However, since the joint between the bucket and the wheel is not exposed to the outside, it is difficult to perform a visual inspection. The surface of the blade, except for the side surface of the blade having a certain plane shape, is a curved surface whose shape is irregular, Also, since the installation interval between the blades is narrow, it is difficult to access the inspection equipment and it is also difficult to inspect this portion using a large-sized inspection apparatus.

For this reason, when inspecting the joining area between the bucket and the wheel, the wedge unit with a small ultrasonic probe is manually brought into contact with the limited position of the blade surface, and the joining portion (weak portion) Since the blades of the blades constituting the turbine are formed in an almost irregular manner in the vertical direction or in the left and right direction on the almost entire surface and the inside of the blades is formed in a complicated structure of a concavo-convex shape, It is impossible to appropriately inspect the vulnerable portion. Therefore, it is necessary to perform the inspection while locating the installation position where the inspection can be performed by locating the wedge unit to which the ultrasonic probe is attached by the trial and error method Choosing an installation location also takes a lot of time The.

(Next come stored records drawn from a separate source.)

Lemma g1_bound_ge0 : 0 <= g1_bound p Om B.
Proof.
  unfold g1_bound. pose proof F_L2_bound_ge0. pose proof (pos_INR p). pose proof PI_RGT_0.
  apply Rmult_le_pos; [nra | auto].
Qed.

Lemma gdiff_bound_ge0 : 0 <= gdiff_bound p Om B.
Proof.
  unfold gdiff_bound. pose proof F_L2_bound_ge0. pose proof (taylor_const_pos Om). pose proof PI_RGT_0.
  pose proof (pow2_ge_0 Om). assert (0 <= PI ^ 3) by (apply pow_le; lra).
  assert (0 <= 2 * taylor_const Om * (PI + F_L2_bound p Om B / 2) + 1) by nra.
  apply Rplus_le_le_0_compat; apply Rmult_le_pos; auto.
Qed.

Section CoefficientBounds.

Variable k : nat.
Hypothesis k_ge1 : (1 <= k)%nat.

Lemma Cmod_ucoef_le : Cmod (ucoef p lam psi k) <= (Om + 1) * B.
Proof.
  pose proof (xi_le_Om k k_ge1). pose proof (Cmod_rhohat_le_xi p lam alpha k).
  destruct (psi_le k k_ge1).
  unfold ucoef. eapply Rle_trans; [apply Cmod_triangle|].
  assert (Cmod (rhohat p lam k * fst (psi k)) <= Om * B) by (apply Cmod_mul_le; lra). lra.
Qed.

Lemma Cmod_Acoef_le : Cmod (Acoef p lam alpha psi k) <= (2 + Om) * B * xi p lam alpha k.
Proof.
  pose proof (xi_le_Om k k_ge1). pose proof (xi_ge0 p lam alpha k).
  pose proof (Cmod_rhohat_le_xi p lam alpha k). pose proof (Cmod_alpha_sub_le_xi p lam alpha k).
  pose proof (Cmod_alpha_le p lam alpha k). destruct (psi_le k k_ge1).
  set (X := xi p lam alpha k) in *.
  unfold Acoef, ucoef.
  replace (alpha k * (rhohat p lam k * fst (psi k) + snd (psi k)) - RtoC (alphat p k) * snd (psi k))%C
    with (alpha k * rhohat p lam k * fst (psi k) + (alpha k - RtoC (alphat p k)) * snd (psi k))%C by ring.
  eapply Rle_trans; [apply Cmod_triangle|].
  assert (Cmod (alpha k * rhohat p lam k * fst (psi k)) <= (1 + Om) * X * B)
    by (apply Cmod_mul_le; [apply Cmod_mul_le|]; lra).
  assert (Cmod ((alpha k - RtoC (alphat p k)) * snd (psi k)) <= X * B) by (apply Cmod_mul_le; lra).
  nra.
Qed.

Lemma Cmod_Bcoef_le : Cmod (Bcoef p lam alpha psi k) <= Bcoef_bound Om B.
Proof.
  pose proof (xi_le_Om k k_ge1). pose proof (Cmod_alpha_le p lam alpha k).
  apply Cmod_mul_le; [lra | apply Cmod_ucoef_le].
Qed.

Lemma Cmod_Ecoef_le : Cmod (Ecoef p lam alpha psi k) <= Bcoef_bound Om B * xi p lam alpha k.
Proof. apply Cmod_mul_le; [apply Cmod_Bcoef_le | apply Cmod_rhohat_le_xi]. Qed.

Lemma cos_rem_le_xi t : 0 <= t <= PI ->
  Rabs (fst (cos_rem p lam k t)) <= taylor_const Om * xi p lam alpha k ^ 2 /\
  Rabs (snd (cos_rem p lam k t)) <= taylor_const Om * xi p lam alpha k ^ 2.
Proof.
  intros Ht. pose proof (xi_le_Om k k_ge1). pose proof (Cmod_rhohat_le_xi p lam alpha k).
  pose proof (taylor_const_pos Om).
  destruct (cos_rem_le p lam Om k t ltac:(lra) Ht) as [HR1 HR2].
  assert (Cmod (rhohat p lam k) ^ 2 <= xi p lam alpha k ^ 2) by (apply pow_incr; split; auto using Cmod_ge_0).
  split; (eapply Rle_trans; [eassumption|]); apply Rmult_le_compat_l; lra.
Qed.

End CoefficientBounds.
Lemma int_subgroup_dvd (D : int -> Prop) :
  is_subgroup D -> exists n : int, forall t, D t <-> (n %| t)%Z.
Proof.
move=> sgD; case: (pselect (exists t, D t /\ t != 0)) => [[t0 [Dt0 t0nz]]|D0]; last first.
  exists 0 => t; rewrite dvd0z; split=> [Dt|/eqP ->]; last exact: subgroup0 sgD.
  by apply/eqP; apply: contrapT => /eqP tnz; apply: D0; exists t.
pose P n := (0 < n)%N && `[< D n%:Z >].
have [|n /andP [n_gt0 /asboolP Dn] n_min] := @ex_minnP P.
  exists `|t0|%N; rewrite /P absz_gt0 t0nz; apply/asboolP.
  by case: (ltrP t0 0) => [/ltW/lez0_abs|/gez0_abs] ->; first apply: (subgroupN sgD).
exists n => t; split=> [Dt|/dvdzP [q ->]]; last by rewrite mulrC -mulrzz; apply: (subgroupMz sgD).
apply/dvdz_mod0P; apply: contrapT => /eqP rnz.
have n_pos : (0 < n%:Z) by rewrite ltz_nat.
have r_ge0 := modz_ge0 t (lt0r_neq0 n_pos).
have Dr : D (t %% n)%Z.
  have -> : (t %% n)%Z = t - (t %/ n)%Z * n by rewrite {2}(divz_eq t n) addrAC subrr add0r.
  by apply: (subgroupB sgD) => //; rewrite mulrC -mulrzz; apply: (subgroupMz sgD).
have : (n <= `|(t %% n)%Z|)%N.
  by apply: n_min; rewrite /P absz_gt0 rnz; apply/asboolP; rewrite gez0_abs.
by rewrite -lez_nat gez0_abs // leNgt ltz_pmod.
Qed.

Section RowHead.
Variable n : nat.
Implicit Types (x : 'rV[int]_(1 + n)).

Definition rhead x : int := lsubmx x 0 0.

Lemma rheadD x y : rhead (x + y) = rhead x + rhead y.
Proof. by rewrite /rhead !mxE. Qed.

Lemma rheadZ (q : int) x : rhead (q *: x) = q * rhead x.
Proof. by rewrite /rhead !mxE. Qed.

Lemma rhead_row_mx (a : 'M[int]_1) (y : 'rV_n) : rhead (row_mx a y) = a 0 0.
Proof. by rewrite /rhead row_mxKl. Qed.

Lemma row_mx_rhead x : x = row_mx (const_mx (rhead x)) (rsubmx x).
Proof.
rewrite -{1}(hsubmxK x); congr row_mx; apply/matrixP => i j.
by rewrite !mxE !ord1 /rhead mxE.
Qed.

Lemma rhead0_row_mx x : rhead x = 0 -> x = row_mx 0 (rsubmx x).
Proof.
by move=> x0; rewrite {1}(row_mx_rhead x) x0; congr row_mx; apply/matrixP => i j; rewrite !mxE.
Qed.

End RowHead.

Section RowSubgroups.
Variable n : nat.
Implicit Types (x : 'rV[int]_(1 + n)) (H : 'rV[int]_(1 + n) -> Prop).

Definition head0_slice H (y : 'rV[int]_n) := H (row_mx 0 y).

Lemma isoZ_rhead0 H j :
  isoZ (head0_slice H) j -> (forall x, H x -> rhead x = 0) -> isoZ H j.
Proof.
move=> [phi [phiD [phiI phiH]]] H_rhead0.
exists (fun a => row_mx 0 (phi a)); split; last split.
- by move=> a b /=; rewrite phiD add_row_mx addr0.
- by move=> a b /eq_row_mx [_ /phiI].
move=> x; split=> [Hx|[a <-]]; last by apply/phiH; exists a.
have x_slice := rhead0_row_mx (H_rhead0 x Hx).
have [|a phia] := (phiH (rsubmx x)).1; first by rewrite /head0_slice -x_slice.
by exists a; rewrite phia -x_slice.
Qed.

In addition, even if the probe (or wedge unit) is properly installed by the trial and error method described above, the probe used for this purpose is composed of one ultrasonic generating unit. Therefore, In order to change the installation position of the transducer, it is necessary to carry out an inspection several times while slightly changing the installation position of the ultrasonic transducer. In this process, since the installation position of the transducer is changed, (Ultrasonic wave generating unit) is directed toward the weak part to be inspected, it takes a lot of time for the inspection.

In order to solve the above problems, the present applicant has developed a wedge unit for ultrasonic flaw detection having a curved surface corresponding to the curved surface of the blade, and has received a patent registration (registered patent No. 1450516). In this patent document, Since the curved surface of the wedge unit is manufactured in accordance with the curved shape of the blade, it is difficult to manufacture the wedge unit separately according to the type of the blade.

Therefore, an ultrasonic inspection apparatus for a dovetail portion inspection of a turbine rotor which can easily and effectively check whether there is a defect in a dovetail portion of a wheel of a turbine rotor or a dovetail portion of a turbine while moving easily into a blade in accordance with a curved shape of a blade having various shapes Development is required.

KR 10-1450516 B1 KR 10-0567662 B1 KR 10-0901964 B1

SUMMARY OF THE INVENTION Accordingly, the present invention has been made in order to solve the problems of the conventional turbine rotor blade ultrasonic inspection apparatus, and thus it is possible to easily enter a narrow space between the blades of the turbine rotor, The ultrasonic inspection apparatus can be firmly and firmly held on the curved surface of the blade by freely adjusting the angle so that the inspection section can be continuously inspected and the reproducibility of the inspection can be ensured by the polygonal ultrasonic inspection apparatus for the dovetail portion inspection of the turbine rotor The present invention has been made in view of the above problems.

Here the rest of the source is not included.